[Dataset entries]
= = = =

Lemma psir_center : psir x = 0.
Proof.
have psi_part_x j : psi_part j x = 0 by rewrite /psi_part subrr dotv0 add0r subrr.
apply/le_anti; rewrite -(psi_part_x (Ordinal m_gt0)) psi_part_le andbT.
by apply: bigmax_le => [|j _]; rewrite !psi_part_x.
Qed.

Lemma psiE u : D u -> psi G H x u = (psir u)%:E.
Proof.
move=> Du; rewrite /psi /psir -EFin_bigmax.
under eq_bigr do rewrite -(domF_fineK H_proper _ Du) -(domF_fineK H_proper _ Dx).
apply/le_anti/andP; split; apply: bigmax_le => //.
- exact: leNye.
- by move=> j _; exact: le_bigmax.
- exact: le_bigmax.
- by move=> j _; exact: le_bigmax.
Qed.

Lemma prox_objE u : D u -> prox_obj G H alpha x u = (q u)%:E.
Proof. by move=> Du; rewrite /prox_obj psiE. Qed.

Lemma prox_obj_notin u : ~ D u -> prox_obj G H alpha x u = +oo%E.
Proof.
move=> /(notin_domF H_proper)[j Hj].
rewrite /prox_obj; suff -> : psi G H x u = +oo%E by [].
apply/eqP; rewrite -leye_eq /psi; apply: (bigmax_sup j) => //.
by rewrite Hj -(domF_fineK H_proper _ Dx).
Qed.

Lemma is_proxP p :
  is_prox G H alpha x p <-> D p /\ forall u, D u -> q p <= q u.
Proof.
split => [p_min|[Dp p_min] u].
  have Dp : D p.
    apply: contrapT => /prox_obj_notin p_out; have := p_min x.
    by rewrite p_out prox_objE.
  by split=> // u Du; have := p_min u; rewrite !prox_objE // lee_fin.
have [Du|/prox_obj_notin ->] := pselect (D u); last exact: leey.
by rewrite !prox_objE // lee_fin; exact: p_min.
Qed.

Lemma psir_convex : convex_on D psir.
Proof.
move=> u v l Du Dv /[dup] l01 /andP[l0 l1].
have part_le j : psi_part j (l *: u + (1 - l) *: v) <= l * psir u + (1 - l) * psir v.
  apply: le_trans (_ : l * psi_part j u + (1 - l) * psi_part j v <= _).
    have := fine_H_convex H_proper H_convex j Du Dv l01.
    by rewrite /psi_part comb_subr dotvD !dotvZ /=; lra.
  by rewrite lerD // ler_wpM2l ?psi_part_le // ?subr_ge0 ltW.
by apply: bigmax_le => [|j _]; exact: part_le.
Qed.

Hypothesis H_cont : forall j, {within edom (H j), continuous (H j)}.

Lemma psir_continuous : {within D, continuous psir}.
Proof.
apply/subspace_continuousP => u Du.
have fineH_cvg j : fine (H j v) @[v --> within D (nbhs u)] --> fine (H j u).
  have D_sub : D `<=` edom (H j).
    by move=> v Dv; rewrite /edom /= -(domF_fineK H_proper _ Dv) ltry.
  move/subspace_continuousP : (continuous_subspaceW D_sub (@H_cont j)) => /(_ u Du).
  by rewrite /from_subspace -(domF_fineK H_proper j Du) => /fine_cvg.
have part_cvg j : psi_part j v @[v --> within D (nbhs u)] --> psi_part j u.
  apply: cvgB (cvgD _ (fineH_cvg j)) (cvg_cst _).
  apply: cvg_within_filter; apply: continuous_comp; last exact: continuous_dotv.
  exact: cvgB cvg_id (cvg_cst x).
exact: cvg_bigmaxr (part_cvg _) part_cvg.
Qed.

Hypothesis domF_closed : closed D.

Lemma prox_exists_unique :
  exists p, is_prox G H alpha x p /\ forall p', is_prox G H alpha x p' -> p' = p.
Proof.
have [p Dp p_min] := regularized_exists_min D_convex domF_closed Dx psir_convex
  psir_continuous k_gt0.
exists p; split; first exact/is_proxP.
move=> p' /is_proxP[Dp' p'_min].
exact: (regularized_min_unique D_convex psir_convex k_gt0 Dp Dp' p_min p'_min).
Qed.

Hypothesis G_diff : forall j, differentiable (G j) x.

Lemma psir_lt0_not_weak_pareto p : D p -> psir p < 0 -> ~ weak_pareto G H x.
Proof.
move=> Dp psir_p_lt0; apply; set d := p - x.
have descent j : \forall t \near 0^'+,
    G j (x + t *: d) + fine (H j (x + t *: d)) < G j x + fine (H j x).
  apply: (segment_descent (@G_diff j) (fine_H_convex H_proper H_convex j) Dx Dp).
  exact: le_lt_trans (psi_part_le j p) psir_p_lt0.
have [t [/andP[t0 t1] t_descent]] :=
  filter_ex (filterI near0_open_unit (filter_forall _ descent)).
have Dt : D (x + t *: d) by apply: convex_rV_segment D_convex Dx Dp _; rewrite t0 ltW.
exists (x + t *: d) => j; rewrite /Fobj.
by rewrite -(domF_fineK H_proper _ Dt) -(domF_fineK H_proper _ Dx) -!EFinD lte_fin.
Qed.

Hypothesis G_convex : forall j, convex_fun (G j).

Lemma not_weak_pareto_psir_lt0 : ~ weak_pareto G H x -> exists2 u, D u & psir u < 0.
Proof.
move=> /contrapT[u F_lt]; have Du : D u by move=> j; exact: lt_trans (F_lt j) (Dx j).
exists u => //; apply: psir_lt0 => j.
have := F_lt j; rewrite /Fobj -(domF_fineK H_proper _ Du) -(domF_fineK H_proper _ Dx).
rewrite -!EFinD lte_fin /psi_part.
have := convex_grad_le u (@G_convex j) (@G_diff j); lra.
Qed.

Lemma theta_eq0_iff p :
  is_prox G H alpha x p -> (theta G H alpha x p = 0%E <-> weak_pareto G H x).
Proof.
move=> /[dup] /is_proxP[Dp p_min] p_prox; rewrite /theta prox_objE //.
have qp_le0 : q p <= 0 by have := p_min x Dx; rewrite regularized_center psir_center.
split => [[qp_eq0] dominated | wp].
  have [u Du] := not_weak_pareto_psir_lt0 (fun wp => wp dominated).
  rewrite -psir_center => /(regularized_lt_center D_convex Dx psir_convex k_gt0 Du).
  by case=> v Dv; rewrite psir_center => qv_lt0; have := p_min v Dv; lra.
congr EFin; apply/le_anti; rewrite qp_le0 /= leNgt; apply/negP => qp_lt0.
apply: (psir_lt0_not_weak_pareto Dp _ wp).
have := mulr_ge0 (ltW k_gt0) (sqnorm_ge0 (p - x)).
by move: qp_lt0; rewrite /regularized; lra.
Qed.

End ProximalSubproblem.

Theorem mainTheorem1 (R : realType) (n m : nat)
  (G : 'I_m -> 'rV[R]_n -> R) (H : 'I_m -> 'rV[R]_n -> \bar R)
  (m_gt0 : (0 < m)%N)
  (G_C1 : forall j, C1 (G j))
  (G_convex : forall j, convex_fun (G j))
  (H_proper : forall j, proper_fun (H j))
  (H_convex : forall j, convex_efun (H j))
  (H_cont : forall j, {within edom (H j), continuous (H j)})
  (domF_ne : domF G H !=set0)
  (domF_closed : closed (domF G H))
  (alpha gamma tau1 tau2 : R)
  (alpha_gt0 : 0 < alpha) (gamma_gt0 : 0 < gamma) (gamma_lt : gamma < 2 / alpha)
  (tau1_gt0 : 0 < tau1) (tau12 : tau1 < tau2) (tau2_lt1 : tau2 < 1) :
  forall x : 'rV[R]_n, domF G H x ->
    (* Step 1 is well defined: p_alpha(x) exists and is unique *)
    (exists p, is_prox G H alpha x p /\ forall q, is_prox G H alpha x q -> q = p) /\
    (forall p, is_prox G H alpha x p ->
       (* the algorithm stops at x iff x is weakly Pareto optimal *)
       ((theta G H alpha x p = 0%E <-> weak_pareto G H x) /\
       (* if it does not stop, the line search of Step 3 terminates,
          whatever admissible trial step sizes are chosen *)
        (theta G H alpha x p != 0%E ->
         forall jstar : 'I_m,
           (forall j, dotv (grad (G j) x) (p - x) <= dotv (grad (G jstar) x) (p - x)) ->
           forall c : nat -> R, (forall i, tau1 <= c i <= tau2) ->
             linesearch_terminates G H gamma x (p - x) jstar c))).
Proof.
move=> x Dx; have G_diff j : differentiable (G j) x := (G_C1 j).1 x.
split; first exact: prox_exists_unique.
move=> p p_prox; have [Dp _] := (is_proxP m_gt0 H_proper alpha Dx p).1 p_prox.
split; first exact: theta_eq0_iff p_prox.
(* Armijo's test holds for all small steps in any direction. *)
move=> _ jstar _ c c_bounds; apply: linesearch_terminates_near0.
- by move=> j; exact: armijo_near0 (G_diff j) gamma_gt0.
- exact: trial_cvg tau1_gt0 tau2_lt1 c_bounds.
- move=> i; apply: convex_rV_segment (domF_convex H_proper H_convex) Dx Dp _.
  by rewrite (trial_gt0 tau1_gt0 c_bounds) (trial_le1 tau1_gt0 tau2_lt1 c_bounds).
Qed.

= = = =

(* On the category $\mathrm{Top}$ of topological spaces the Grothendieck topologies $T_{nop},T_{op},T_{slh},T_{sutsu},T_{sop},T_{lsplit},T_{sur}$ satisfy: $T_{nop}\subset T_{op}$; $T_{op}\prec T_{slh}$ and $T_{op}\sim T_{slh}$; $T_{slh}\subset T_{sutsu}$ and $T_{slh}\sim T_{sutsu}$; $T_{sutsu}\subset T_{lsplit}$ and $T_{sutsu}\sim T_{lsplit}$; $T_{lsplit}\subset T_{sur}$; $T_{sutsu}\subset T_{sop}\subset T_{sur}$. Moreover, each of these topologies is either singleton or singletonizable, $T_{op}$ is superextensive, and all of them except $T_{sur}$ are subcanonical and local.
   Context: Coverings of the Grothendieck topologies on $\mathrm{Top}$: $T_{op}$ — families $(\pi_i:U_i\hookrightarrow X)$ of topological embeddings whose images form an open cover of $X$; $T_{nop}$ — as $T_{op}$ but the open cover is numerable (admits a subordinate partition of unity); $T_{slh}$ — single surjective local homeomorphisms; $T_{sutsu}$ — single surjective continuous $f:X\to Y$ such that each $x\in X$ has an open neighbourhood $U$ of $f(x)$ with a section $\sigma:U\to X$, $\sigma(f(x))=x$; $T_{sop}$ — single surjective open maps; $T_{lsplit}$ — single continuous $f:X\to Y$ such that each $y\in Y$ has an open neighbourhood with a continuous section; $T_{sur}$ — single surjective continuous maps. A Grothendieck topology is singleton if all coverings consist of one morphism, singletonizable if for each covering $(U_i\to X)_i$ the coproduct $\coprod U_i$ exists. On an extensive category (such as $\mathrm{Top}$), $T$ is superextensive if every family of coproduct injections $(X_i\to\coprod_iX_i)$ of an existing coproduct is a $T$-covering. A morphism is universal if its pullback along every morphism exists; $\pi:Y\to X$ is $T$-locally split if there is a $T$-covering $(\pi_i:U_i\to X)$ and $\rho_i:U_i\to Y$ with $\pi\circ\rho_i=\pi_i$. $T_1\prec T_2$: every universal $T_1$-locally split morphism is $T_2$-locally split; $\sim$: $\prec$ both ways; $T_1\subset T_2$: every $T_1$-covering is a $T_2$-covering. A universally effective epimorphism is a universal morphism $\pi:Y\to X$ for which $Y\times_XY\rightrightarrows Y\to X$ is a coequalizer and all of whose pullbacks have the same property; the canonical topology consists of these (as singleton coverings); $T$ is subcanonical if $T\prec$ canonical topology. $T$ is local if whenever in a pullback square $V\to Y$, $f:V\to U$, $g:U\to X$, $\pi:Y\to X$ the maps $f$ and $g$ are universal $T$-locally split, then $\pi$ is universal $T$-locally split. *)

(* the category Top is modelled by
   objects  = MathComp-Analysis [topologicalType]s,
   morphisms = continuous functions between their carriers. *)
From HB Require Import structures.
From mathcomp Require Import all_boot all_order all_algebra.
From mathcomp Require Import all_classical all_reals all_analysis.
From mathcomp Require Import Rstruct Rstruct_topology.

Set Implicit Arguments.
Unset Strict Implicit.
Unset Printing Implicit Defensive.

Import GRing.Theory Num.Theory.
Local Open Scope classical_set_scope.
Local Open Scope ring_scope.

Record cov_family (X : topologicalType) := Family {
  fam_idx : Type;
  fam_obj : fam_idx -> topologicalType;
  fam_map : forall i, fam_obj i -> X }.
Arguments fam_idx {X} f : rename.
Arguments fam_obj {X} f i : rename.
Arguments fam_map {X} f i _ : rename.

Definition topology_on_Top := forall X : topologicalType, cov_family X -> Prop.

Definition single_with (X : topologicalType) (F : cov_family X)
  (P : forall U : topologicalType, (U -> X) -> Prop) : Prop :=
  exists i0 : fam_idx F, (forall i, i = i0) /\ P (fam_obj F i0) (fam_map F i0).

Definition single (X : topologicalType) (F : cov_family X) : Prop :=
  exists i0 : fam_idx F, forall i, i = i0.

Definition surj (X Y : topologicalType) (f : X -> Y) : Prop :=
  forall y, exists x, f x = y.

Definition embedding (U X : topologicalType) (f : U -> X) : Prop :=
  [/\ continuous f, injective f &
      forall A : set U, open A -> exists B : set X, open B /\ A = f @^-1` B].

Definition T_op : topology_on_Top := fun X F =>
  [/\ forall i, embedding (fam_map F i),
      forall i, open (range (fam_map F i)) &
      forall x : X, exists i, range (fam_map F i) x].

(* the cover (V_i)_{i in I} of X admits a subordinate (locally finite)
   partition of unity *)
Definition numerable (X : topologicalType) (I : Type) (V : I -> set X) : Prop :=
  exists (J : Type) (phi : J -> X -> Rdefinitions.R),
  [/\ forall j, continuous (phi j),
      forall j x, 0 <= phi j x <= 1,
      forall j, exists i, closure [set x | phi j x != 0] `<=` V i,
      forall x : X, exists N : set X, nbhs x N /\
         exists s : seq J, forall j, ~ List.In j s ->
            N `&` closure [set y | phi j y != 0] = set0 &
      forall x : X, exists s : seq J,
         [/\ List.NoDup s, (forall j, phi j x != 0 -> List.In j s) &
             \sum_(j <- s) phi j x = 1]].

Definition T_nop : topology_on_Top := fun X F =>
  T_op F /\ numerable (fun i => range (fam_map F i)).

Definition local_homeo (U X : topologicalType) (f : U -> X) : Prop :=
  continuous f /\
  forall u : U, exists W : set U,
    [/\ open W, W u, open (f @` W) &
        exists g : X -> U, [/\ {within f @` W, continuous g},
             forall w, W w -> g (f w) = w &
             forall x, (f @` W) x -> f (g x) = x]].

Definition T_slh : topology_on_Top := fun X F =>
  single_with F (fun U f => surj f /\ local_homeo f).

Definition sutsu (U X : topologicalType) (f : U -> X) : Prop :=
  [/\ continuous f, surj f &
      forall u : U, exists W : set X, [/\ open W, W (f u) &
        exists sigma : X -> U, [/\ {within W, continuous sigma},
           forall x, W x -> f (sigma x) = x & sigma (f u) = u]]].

= = = =

On how many lines of the data does "EFinD" appear? Give only that number.

2